(* Assume (C1)–(C3). Let $\alpha\in(0,1)$ and suppose there are $\gamma>0$, $\Gamma>0$ and $r_0\ge0$ such that $$A(x)-\Big(1-\frac{\gamma}{2}\Big)C_0(x)+B_0(x)\le-\Gamma|x|^{\gamma\alpha-\gamma+2},\qquad |x|\ge r_0,$$ and suppose further that $\gamma<2/(1-\alpha)$ and that there is $\Delta\ge1$ with $\Delta^{-1}\le C_0(x)\le\Delta$ for all $|x|\ge r_0$. Then there is $r'\ge r_0$ such that, with $I_0(r):=\int_{r'}^r\frac{\iota_0(s)}{s}ds$ for $r\ge r'$, $$\int_{r'}^\infty\Big(\int_{r'}^u e^{-I_0(v)}dv+1\Big)^\alpha\frac{e^{I_0(u)}}{\gamma_0(u)}du<\infty,$$ i.e. the integrability condition of Theorem 1.1 holds with $x_0=0$, base radius $r'$ and $\varphi(t)=t^\alpha$.
   Context: Let $b:\mathbb{R}^d\to\mathbb{R}^d$, $\sigma:\mathbb{R}^d\to\mathbb{R}^{d\times n}$ Borel measurable, $\|M\|_{\mathrm{HS}}^2=\mathrm{Tr}\,MM^T$. (C1) for every $r>0$, $\sup_{|x|<r}(|b(x)|+\|\sigma(x)\|_{\mathrm{HS}})<\infty$; (C2) for every $r>0$ there is $\Gamma_r>0$ with $2\langle x-y,b(x)-b(y)\rangle+\|\sigma(x)-\sigma(y)\|^2_{\mathrm{HS}}\le\Gamma_r|x-y|^2$ for $|x|,|y|<r$; (C3) there is $\Gamma>0$ with $2\langle x,b(x)\rangle+\|\sigma(x)\|^2_{\mathrm{HS}}\le\Gamma(1+|x|^2)$. Notation: $c=\sigma\sigma^T$, $A(x)=\frac12\mathrm{Tr}\,c(x)$, $B_0(x)=\langle x,b(x)\rangle$, $C_0(x)=\langle x,c(x)x\rangle/|x|^2$ ($x\ne0$), $\gamma_0(r)=\inf_{|x|=r}C_0(x)$, $\iota_0(r)=\sup_{|x|=r}\frac{2A(x)-C_0(x)+2B_0(x)}{C_0(x)}$. *)

From HB Require Import structures.
From mathcomp Require Import all_boot all_order all_algebra.
From mathcomp Require Import all_classical all_reals all_analysis.
Set Implicit Arguments. Unset Strict Implicit. Unset Printing Implicit Defensive.
Import Order.TTheory GRing.Theory Num.Theory.
Import numFieldNormedType.Exports.
Local Open Scope classical_set_scope.
Local Open Scope ring_scope.

Definition dotv (R : realType) (d : nat) (x y : 'cV[R]_d) : R :=
  \sum_(i < d) x i 0 * y i 0.
Definition enorm (R : realType) (d : nat) (x : 'cV[R]_d) : R :=
  Num.sqrt (dotv x x).

Definition hs2 (R : realType) (d n : nat) (M : 'M[R]_(d, n)) : R :=
  \tr (M *m M^T).
Definition hs (R : realType) (d n : nat) (M : 'M[R]_(d, n)) : R :=
  Num.sqrt (hs2 M).

Definition borel_fun (T U : topologicalType) (f : T -> U) : Prop :=
  forall A : set U, open A -> <<s [set: T], [set B : set T | open B] >> (f @^-1` A).

Section Coefs.
Variables (R : realType) (d n : nat).
Variables (b : 'cV[R]_d -> 'cV[R]_d) (sigma : 'cV[R]_d -> 'M[R]_(d, n)).

Definition cmat (x : 'cV[R]_d) : 'M[R]_d := sigma x *m (sigma x)^T.
Definition Acoef (x : 'cV[R]_d) : R := 2^-1 * \tr (cmat x).
Definition B0 (x : 'cV[R]_d) : R := dotv x (b x).
(* C0 x = <x, c(x) x> / |x|^2, meaningful for x <> 0 *)
Definition C0 (x : 'cV[R]_d) : R := dotv x (cmat x *m x) / (enorm x ^+ 2).
Definition sphere (r : R) : set 'cV[R]_d := [set x | enorm x = r].
Definition gamma0 (r : R) : R := inf [set C0 x | x in sphere r].
Definition iota0 (r : R) : R :=
  sup [set (2 * Acoef x - C0 x + 2 * B0 x) / C0 x | x in sphere r].

End Coefs.

Definition I0 (R : realType) (d n : nat) (b : 'cV[R]_d -> 'cV[R]_d)
  (sigma : 'cV[R]_d -> 'M[R]_(d, n)) (r' r : R) : R :=
  (\int[lebesgue_measure]_(s in `[r', r]) (iota0 b sigma s / s))%R.

From HB Require Import structures.
From mathcomp Require Import all_boot all_order all_algebra.
From mathcomp Require Import all_classical all_reals all_analysis.
From mathcomp Require Import ring lra.
Import Order.TTheory GRing.Theory Num.Theory.
Import numFieldNormedType.Exports.
Local Open Scope classical_set_scope.
Local Open Scope ring_scope.

(* Beyond a radius r' >= max (r0 + 1, 1) with Gam s^p >= Delta, the drift condition
   gives iota0(s) <= -c s^p with c = Gam / Delta, while (C1) bounds iota0 below
   on compacts; hence I_0(u) = int_{r'}^u iota0(s)/s ds is nonpositive,
   nonincreasing and at most -(c/2) (u/2)^p for u >= 2r'.  Monotonicity gives
   int_{r'}^u e^(-I_0) <= (u - r') e^(-I_0(u)), so the integrand is at most
   Delta (u + 1) e^((1 - alpha) I_0(u)), which is O(u^(-2)) because a stretched
   exponential beats u^3; and int_{r'}^oo u^(-2) du is finite.

   Dimension 0
   is degenerate: all spheres are empty and the integrand vanishes. *)

(* Monotonicity of the integral of nonnegative functions.  The nonnegative
   integral is a supremum over simple minorants, so no measurability is needed. *)
Lemma ge0_le_integral_nomeas {R : realType} (D : set R) (f g : R -> \bar R) :
  (forall x, D x -> 0 <= f x)%E -> (forall x, D x -> f x <= g x)%E ->
  (\int[lebesgue_measure]_(x in D) f x <= \int[lebesgue_measure]_(x in D) g x)%E.
Proof.
move=> f0 fg.
have g0 x : D x -> (0 <= g x)%E by move=> Dx; exact: le_trans (f0 _ Dx) (fg _ Dx).
rewrite !ge0_integralE//; apply: ereal_sup_le => _ [h /= hf <-].
by exists h => //= x; exact: le_trans (hf x) (lee_restrict fg x).
Qed.

Lemma ge0_subset_integral_nomeas {R : realType} (D E : set R) (f : R -> \bar R) :
  D `<=` E -> (forall x, E x -> 0 <= f x)%E ->
  (\int[lebesgue_measure]_(x in D) f x <= \int[lebesgue_measure]_(x in E) f x)%E.
Proof.
move=> DE f0; rewrite integral_mkcond [X in (_ <= X)%E]integral_mkcond.
apply: ge0_le_integral_nomeas => x _; rewrite /patch.
  by case: ifPn => // /set_mem/DE; exact: f0.
case: ifPn => [/set_mem Dx|_]; first by rewrite mem_set ?lexx //; exact: DE.
by case: ifPn => // /set_mem; exact: f0.
Qed.

Lemma integral_itv_cst {R : realType} (a b c : R) : a <= b ->
  (\int[lebesgue_measure]_(x in `[a, b]) c%:E = (c * (b - a))%:E)%E.
Proof.
move=> ab; rewrite integral_cst //= lebesgue_measure_itv /= lte_fin.
case: ltP => [_|ba]; first by rewrite -EFinD -EFinM.
have -> : b = a by apply/le_anti; rewrite ab ba.
by rewrite subrr mulr0 mule0.
Qed.

Lemma integral_itv_le_cst {R : realType} {a u M : R} {f : R -> R} : a <= u ->
  (forall x, a <= x <= u -> 0 <= f x <= M) ->
  (0 <= \int[lebesgue_measure]_(x in `[a, u]) (f x)%:E <= (M * (u - a))%:E)%E.
Proof.
move=> au fM; apply/andP; split.
  by apply: integral_ge0 => x; rewrite /= in_itv /= lee_fin => /fM /andP[].
rewrite -integral_itv_cst //.
by apply: ge0_le_integral_nomeas => x; rewrite /= in_itv /= lee_fin => /fM /andP[].
Qed.

Lemma Rintegral_itv_le_cst {R : realType} {a u M : R} {f : R -> R} : a <= u ->
  (forall x, a <= x <= u -> 0 <= f x <= M) ->
  0 <= \int[lebesgue_measure]_(x in `[a, u]) f x <= M * (u - a).
Proof.
move=> au fM; have /andP[i0 iM] := integral_itv_le_cst au fM; rewrite /Rintegral.
have ifin : (\int[lebesgue_measure]_(x in `[a, u]) (f x)%:E)%E \is a fin_num.
  by rewrite ge0_fin_numE // (le_lt_trans iM) // ltry.
by rewrite -!lee_fin fineK // i0.
Qed.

### [Task instructions]
Copy out every line from the data above in which the word "realType" occurs.

### [Output of the exercise]
Definition dotv (R : realType) (d : nat) (x y : 'cV[R]_d) : R :=
Definition enorm (R : realType) (d : nat) (x : 'cV[R]_d) : R :=
Definition hs2 (R : realType) (d n : nat) (M : 'M[R]_(d, n)) : R :=
Definition hs (R : realType) (d n : nat) (M : 'M[R]_(d, n)) : R :=
Variables (R : realType) (d n : nat).
Definition I0 (R : realType) (d n : nat) (b : 'cV[R]_d -> 'cV[R]_d)
Lemma ge0_le_integral_nomeas {R : realType} (D : set R) (f g : R -> \bar R) :
Lemma ge0_subset_integral_nomeas {R : realType} (D E : set R) (f : R -> \bar R) :
Lemma integral_itv_cst {R : realType} (a b c : R) : a <= b ->
Lemma integral_itv_le_cst {R : realType} {a u M : R} {f : R -> R} : a <= u ->
Lemma Rintegral_itv_le_cst {R : realType} {a u M : R} {f : R -> R} : a <= u ->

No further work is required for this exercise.